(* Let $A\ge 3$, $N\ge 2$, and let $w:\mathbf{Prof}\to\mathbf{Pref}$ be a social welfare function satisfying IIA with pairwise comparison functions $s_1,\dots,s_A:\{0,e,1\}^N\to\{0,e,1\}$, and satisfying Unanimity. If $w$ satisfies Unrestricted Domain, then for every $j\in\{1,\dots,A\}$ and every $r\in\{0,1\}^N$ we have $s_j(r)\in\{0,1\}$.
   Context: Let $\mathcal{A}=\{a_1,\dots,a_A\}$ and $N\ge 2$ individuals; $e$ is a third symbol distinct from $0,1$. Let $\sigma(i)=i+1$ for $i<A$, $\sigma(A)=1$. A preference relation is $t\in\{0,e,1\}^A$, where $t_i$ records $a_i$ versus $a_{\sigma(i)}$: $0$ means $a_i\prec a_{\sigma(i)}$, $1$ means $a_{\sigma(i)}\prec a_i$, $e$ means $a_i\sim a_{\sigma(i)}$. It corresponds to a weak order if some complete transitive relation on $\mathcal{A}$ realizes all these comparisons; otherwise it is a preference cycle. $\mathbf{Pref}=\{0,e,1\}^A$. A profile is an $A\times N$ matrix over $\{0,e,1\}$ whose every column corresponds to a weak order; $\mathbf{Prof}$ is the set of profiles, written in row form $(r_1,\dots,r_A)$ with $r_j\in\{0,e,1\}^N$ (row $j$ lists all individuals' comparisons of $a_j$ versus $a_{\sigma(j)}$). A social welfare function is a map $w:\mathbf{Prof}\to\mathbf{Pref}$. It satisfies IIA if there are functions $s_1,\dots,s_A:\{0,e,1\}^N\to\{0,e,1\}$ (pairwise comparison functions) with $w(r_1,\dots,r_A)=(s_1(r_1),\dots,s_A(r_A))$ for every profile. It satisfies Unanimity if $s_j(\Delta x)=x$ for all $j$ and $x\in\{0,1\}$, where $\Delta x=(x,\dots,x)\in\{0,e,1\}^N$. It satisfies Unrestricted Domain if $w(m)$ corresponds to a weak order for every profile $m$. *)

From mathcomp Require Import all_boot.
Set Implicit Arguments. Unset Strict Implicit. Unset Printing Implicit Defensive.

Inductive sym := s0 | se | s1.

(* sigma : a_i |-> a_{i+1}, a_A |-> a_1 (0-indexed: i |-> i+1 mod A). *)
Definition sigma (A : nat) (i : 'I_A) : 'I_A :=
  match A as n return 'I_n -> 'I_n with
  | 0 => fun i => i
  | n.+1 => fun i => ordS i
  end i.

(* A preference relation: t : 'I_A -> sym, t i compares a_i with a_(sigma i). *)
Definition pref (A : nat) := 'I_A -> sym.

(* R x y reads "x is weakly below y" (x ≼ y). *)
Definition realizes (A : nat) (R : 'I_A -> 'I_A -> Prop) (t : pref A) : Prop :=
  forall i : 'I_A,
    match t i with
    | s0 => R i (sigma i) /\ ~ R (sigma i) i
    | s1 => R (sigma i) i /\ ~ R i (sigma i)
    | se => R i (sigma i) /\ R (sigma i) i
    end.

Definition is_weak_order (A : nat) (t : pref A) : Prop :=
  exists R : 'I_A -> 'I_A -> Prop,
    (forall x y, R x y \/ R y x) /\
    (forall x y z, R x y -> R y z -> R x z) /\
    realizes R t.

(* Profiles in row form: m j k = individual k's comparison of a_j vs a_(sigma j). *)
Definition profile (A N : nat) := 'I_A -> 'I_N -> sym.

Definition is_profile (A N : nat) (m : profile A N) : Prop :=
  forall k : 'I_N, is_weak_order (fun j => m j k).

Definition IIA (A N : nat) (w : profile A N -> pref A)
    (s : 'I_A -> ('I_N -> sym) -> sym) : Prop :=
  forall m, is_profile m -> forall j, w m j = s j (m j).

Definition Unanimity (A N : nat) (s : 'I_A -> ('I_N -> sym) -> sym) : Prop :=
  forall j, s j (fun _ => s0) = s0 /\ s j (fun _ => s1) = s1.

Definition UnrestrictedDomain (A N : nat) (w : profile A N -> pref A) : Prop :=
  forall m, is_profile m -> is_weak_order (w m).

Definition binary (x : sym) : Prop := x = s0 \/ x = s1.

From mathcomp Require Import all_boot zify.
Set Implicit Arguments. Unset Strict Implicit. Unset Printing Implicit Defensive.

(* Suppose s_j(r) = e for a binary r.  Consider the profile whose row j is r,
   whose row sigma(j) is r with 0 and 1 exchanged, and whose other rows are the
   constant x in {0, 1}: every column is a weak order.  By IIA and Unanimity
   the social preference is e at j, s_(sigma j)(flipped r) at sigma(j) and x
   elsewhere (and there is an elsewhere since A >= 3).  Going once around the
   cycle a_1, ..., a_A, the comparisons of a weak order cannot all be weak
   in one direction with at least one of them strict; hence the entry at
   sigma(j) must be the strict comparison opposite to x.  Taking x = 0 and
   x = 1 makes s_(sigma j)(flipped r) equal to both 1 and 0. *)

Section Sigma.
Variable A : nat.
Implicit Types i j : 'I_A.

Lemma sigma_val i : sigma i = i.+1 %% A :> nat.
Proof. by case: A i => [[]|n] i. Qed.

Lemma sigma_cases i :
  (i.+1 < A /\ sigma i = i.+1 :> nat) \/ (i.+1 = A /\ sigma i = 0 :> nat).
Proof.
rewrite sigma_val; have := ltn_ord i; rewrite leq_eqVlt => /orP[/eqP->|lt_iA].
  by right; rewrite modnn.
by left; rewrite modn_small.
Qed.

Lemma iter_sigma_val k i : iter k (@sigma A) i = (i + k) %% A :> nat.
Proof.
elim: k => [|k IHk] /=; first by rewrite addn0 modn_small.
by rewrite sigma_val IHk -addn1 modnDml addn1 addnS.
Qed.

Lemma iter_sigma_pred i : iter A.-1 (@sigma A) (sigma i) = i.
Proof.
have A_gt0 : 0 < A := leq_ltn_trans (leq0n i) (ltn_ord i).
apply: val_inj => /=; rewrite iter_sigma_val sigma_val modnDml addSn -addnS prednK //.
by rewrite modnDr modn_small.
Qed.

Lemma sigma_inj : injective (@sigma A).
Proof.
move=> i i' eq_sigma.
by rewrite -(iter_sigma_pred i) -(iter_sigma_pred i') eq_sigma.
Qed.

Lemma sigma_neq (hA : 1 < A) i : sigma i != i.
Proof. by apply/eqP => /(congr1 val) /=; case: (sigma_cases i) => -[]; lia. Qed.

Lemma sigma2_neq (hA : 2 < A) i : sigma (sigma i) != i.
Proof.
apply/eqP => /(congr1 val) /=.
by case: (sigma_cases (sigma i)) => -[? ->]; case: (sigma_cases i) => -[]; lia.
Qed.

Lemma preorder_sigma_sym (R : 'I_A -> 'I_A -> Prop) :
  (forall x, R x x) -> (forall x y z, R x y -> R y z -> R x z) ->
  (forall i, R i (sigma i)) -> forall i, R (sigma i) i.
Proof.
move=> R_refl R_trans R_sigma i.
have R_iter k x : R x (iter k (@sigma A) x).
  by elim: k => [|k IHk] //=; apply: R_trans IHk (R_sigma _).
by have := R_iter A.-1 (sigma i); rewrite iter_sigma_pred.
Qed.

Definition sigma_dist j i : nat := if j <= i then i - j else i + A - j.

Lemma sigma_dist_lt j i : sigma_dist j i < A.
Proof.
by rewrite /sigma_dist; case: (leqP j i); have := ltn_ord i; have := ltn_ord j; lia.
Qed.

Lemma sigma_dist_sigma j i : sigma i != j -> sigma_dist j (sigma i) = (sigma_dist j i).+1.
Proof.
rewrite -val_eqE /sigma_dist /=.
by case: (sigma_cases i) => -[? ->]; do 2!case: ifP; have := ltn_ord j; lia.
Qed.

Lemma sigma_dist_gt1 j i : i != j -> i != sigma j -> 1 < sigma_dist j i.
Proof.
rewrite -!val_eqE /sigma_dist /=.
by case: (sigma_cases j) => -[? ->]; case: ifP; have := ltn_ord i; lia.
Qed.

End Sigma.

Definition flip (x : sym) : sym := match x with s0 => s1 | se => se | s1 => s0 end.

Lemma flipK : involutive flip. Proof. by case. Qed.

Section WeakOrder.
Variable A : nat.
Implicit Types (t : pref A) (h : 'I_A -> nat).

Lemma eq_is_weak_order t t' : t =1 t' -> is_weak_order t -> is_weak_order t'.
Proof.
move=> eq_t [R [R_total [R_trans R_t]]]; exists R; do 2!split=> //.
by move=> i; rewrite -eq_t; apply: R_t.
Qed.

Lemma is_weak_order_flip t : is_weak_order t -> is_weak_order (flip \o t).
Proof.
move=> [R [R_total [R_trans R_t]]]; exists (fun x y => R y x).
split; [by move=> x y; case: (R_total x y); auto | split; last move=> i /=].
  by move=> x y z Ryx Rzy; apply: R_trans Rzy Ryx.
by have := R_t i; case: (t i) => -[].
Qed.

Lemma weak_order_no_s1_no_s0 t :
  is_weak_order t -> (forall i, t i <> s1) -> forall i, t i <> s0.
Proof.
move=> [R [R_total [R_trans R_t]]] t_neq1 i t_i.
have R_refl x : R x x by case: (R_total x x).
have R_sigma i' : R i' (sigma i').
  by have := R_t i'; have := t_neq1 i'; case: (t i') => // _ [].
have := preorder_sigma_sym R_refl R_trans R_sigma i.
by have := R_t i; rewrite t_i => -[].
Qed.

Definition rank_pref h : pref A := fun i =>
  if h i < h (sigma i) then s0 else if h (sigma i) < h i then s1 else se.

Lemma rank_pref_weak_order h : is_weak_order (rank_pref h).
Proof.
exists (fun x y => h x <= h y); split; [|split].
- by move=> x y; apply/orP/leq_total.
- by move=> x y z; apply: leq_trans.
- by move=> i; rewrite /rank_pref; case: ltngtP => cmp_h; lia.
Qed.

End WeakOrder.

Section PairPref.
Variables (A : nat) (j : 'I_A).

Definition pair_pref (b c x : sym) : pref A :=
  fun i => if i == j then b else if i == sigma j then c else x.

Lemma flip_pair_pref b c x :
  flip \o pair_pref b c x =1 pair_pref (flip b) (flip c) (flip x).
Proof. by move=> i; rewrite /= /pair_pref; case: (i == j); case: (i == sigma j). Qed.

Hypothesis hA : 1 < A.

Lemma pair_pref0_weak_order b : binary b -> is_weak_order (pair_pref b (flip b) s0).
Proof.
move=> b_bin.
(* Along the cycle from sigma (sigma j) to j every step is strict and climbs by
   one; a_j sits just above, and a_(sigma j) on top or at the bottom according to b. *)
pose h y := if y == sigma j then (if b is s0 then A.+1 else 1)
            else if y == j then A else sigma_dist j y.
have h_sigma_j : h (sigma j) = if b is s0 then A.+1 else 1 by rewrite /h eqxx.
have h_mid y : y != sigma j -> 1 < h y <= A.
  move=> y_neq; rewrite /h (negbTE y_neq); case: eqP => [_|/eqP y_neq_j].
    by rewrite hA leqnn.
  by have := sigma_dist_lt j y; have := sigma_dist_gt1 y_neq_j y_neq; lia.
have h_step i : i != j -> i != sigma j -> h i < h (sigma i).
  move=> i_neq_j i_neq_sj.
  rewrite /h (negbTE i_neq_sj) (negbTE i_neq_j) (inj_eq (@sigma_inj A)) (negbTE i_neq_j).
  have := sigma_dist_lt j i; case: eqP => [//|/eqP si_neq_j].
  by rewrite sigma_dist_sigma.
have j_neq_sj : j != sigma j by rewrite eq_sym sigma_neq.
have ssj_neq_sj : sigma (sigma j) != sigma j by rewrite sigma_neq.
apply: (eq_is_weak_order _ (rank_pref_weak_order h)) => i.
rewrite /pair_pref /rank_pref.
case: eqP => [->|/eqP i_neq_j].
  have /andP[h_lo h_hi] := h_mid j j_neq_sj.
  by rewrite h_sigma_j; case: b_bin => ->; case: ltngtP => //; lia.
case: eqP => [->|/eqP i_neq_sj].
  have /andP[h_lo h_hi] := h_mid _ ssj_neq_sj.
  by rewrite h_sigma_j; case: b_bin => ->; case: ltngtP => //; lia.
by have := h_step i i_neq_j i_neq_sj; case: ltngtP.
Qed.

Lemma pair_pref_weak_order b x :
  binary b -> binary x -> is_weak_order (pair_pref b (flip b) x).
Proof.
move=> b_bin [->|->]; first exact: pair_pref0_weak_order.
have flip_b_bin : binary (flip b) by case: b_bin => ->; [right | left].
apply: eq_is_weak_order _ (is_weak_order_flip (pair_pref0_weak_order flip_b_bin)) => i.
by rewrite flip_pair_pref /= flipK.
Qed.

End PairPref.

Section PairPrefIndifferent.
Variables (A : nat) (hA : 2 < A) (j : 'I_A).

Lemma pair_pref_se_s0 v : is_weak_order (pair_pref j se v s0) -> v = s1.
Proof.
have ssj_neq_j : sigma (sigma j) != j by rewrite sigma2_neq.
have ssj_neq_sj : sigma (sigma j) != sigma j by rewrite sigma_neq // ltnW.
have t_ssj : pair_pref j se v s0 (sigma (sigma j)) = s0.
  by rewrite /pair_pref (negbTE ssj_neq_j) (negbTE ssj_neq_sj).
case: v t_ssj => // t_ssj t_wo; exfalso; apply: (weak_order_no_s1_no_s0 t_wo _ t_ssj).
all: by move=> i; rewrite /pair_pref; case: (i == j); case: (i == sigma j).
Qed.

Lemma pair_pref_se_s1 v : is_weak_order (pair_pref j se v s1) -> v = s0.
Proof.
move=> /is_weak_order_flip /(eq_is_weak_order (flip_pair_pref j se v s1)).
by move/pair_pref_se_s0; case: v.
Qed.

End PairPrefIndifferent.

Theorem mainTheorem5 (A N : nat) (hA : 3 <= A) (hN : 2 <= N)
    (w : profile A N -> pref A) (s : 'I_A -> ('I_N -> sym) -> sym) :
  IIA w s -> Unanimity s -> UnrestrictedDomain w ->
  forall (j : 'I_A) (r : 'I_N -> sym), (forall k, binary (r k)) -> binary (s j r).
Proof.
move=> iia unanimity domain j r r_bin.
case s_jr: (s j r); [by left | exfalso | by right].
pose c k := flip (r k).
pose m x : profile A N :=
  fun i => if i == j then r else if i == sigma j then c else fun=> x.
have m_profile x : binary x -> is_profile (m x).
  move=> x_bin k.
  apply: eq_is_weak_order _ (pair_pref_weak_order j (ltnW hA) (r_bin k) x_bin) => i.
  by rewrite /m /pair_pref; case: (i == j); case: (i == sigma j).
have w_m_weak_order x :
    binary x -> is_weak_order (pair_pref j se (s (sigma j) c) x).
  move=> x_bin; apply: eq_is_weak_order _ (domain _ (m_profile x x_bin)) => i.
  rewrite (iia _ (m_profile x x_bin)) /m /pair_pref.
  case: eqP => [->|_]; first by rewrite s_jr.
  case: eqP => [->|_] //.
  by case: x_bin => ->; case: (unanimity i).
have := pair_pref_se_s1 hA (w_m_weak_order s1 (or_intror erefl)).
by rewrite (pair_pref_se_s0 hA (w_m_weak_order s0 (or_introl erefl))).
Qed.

○ ○ ○ ○

TASK GOAL — Extract from the listing above the lines between the line containing "match t i with" and the line containing "Definition IIA (A", keeping both of those lines. Output nothing else.

ANSWER SPACE —
    match t i with
    | s0 => R i (sigma i) /\ ~ R (sigma i) i
    | s1 => R (sigma i) i /\ ~ R i (sigma i)
    | se => R i (sigma i) /\ R (sigma i) i
    end.

Definition is_weak_order (A : nat) (t : pref A) : Prop :=
  exists R : 'I_A -> 'I_A -> Prop,
    (forall x y, R x y \/ R y x) /\
    (forall x y z, R x y -> R y z -> R x z) /\
    realizes R t.

(* Profiles in row form: m j k = individual k's comparison of a_j vs a_(sigma j). *)
Definition profile (A N : nat) := 'I_A -> 'I_N -> sym.

Definition is_profile (A N : nat) (m : profile A N) : Prop :=
  forall k : 'I_N, is_weak_order (fun j => m j k).

Definition IIA (A N : nat) (w : profile A N -> pref A)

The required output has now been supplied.